Almost Never
Title | Almost Never PDF eBook |
Author | Daniel Sada |
Publisher | Graywolf Press |
Pages | 342 |
Release | 2012-04-10 |
Genre | Fiction |
ISBN | 1555970443 |
"Of my generation I most admire Daniel Sada, whose writing project seems to me the most daring." —Roberto Bolaño This Rabelaisian tale of lust and longing in the drier precincts of postwar Mexico introduces one of Latin America's most admired writers to the English-speaking world. Demetrio Sordo is an agronomist who passes his days in a dull but remunerative job at a ranch near Oaxaca. It is 1945, World War II has just ended, but those bloody events have had no impact on a country that is only on the cusp of industrializing. One day, more bored than usual, Demetrio visits a bordello in search of a libidinous solution to his malaise. There he begins an all-consuming and, all things considered, perfectly satisfying relationship with a prostitute named Mireya. A letter from his mother interrupts Demetrio's debauched idyll: she asks him to return home to northern Mexico to accompany her to a wedding in a small town on the edge of the desert. Much to his mother's delight, he meets the beautiful and virginal Renata and quickly falls in love—a most proper kind of love. Back in Oaxaca, Demetrio is torn, the poor cad. Naturally he tries to maintain both relationships, continuing to frolic with Mireya and beginning a chaste correspondence with Renata. But Mireya has problems of her own—boredom is not among them—and concocts a story that she hopes will help her escape from the bordello and compel Demetrio to marry her.

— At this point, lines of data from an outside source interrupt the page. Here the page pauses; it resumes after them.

(* A (possibly boundary) chord is an unordered pair {x, y}, represented as a
   two-element set of vertices. *)
Definition is_ddiag (d n : nat) (D : {set vert d n}) : bool :=
  [exists x : vert d n, exists y : vert d n,
     [&& D == [set x; y], x != y &
         [exists j : 'I_n, val y == (val x + d + val j * (d + 1)) %% Nsz d n]]].

Definition chords_cross (d n : nat) (D1 D2 : {set vert d n}) : bool :=
  [exists a : vert d n, exists b : vert d n, exists c : vert d n,
     exists e : vert d n,
     [&& D1 == [set a; b], D2 == [set c; e] & (a < c < b) && (b < e)]].

Definition chords_disjoint (d n : nat) (D1 D2 : {set vert d n}) : bool :=
  [disjoint D1 & D2] && ~~ chords_cross D1 D2 && ~~ chords_cross D2 D1.

Definition brauer_rel (d n : nat) (R : {set {set vert d n}}) : Prop :=
  (forall D, D \in R -> is_ddiag D) /\
  (forall D1 D2, D1 \in R -> D2 \in R -> D1 != D2 -> chords_disjoint D1 D2).

Definition max_brauer_rel (d n : nat) (R : {set {set vert d n}}) : Prop :=
  brauer_rel R /\ (forall S, brauer_rel S -> R \subset S -> S = R).

From mathcomp Require Import all_boot zify boolp.
Set Implicit Arguments. Unset Strict Implicit. Unset Printing Implicit Defensive.

(* Cut the N-gon open between vertices N - 1 and 0.  Since N = -2 (mod d + 1), the
   d-diagonals become the chords x < y of the segment [0, N) with y - x = d (mod d + 1),
   and two of them are disjoint when their endpoints are distinct and do not interleave.
   In a maximal relation on (d + 1) n + d - 1 points, n > 0, the last left endpoint x
   carries the short chord {x, x + d}; deleting this block of d + 1 points leaves a
   maximal relation on (d + 1) (n - 1) + d - 1 points, and conversely inserting a block
   anywhere preserves maximality.  So a maximal relation is determined by its word of
   left endpoints, and these words are exactly those obtained from false^(d - 1) by
   inserting blocks [true; false^d], i.e. the words whose walk from d - 1 (up d on
   true, down 1 on false) never goes below 0 and ends at 0.  Counting these walks by
   their first step gives the generalized Catalan number. *)

(** * Noncrossing chords of a segment *)

Definition chord d L x y := [&& x < y, y < L & (y - x) %% d.+1 == d].

Definition apart a b c e :=
  [&& a != c, a != e, b != c & b != e] && ~~ [&& a < c, c < b & b < e]
  && ~~ [&& c < a, a < e & e < b].

Definition brauer d L (r : rel nat) :=
  (forall x y, r x y -> chord d L x y) /\
  (forall x y u v, r x y -> r u v -> (x != u) || (y != v) -> apart x y u v).

(* A chord of r blocks itself, as [apart x y x y] is false. *)
Definition saturated d L (r : rel nat) :=
  forall u v, chord d L u v -> exists x y, r x y /\ ~~ apart x y u v.

Definition max_brauer d L r := brauer d L r /\ saturated d L r.

Lemma chordP d L x y :
  reflect [/\ x < y, y < L & exists q, y - x = q * d.+1 + d] (chord d L x y).
Proof.
apply: (iffP and3P) => [[xy yL /eqP yx]|[xy yL [q ->]]].
  by split=> //; exists ((y - x) %/ d.+1); rewrite {1}(divn_eq (y - x) d.+1) yx.
by rewrite modnMDl modn_small.
Qed.

Lemma chord_ge d L x y : chord d L x y -> x + d <= y.
Proof. by case/chordP => xy _ [q yx]; nia. Qed.

Lemma chord_lt d L x y : chord d L x y -> y < L.
Proof. by case/chordP. Qed.

Lemma chord_block d L x : 0 < d -> x + d < L -> chord d L x (x + d).
Proof. by move=> d0 xL; apply/chordP; split; [lia | | exists 0; lia]. Qed.

Lemma apart_sym a b c e : apart a b c e = apart c e a b.
Proof. by rewrite /apart; apply/idP/idP; lia. Qed.

Lemma brauer_short d L r a b : L <= d -> brauer d L r -> r a b = false.
Proof.
move=> Ld [hc _]; apply/negP => /hc hab.
by have := chord_ge hab; have := chord_lt hab; lia.
Qed.

Section Block.

Variables d x : nat.

Definition skip a := if a < x then a else a + d.+1.
Definition unskip a := if a < x then a else a - d.+1.
Definition in_block a := x <= a <= x + d.

Definition contract_block (r : rel nat) : rel nat := fun a b => r (skip a) (skip b).

Definition insert_block (r : rel nat) : rel nat := fun a b =>
  ((a == x) && (b == x + d)) ||
  [&& ~~ in_block a, ~~ in_block b & r (unskip a) (unskip b)].

Lemma ltn_skip a b : (skip a < skip b) = (a < b).
Proof. by rewrite /skip; case: ifP; case: ifP; lia. Qed.

Lemma eqn_skip a b : (skip a == skip b) = (a == b).
Proof. by rewrite /skip; case: ifP; case: ifP; lia. Qed.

Almost Never is a brilliant send-up of Latin American machismo that also evokes a Mexico on the verge of dramatic change.
Almost Never
Title | Almost Never PDF eBook |
Author | Melissa Toppen |
Publisher | |
Pages | 328 |
Release | 2020-04-04 |
Genre | |
ISBN | 9781710306408 |
Alec Murray. He was the one. From the first moment I saw him, I knew. I had never been more certain of anything in my sixteen years on this earth. But Alec didn't notice me. At least not in the way that I wanted him to. He noticed my best friend instead. I stood by and watched their relationship blossom. An outsider looking in, wishing things were different. Torn between my loyalty to my best friend and the boy who had unknowingly stolen my heart. Weighted by feelings I could never express out loud, I wrote them all down. Every thought. Every feeling. I poured them all into a letter. A letter he was never meant to read. Only that's exactly what he did. He read it. Every single word. But by then it was too late. Even if he was no longer dating my best friend. Even if I was more in love with him than ever. He was leaving. I was leaving. And there was nothing either of us could do to change it. Alec Murray was my almost fairytale. The happy ending I swore I'd never get. But our story is far from over...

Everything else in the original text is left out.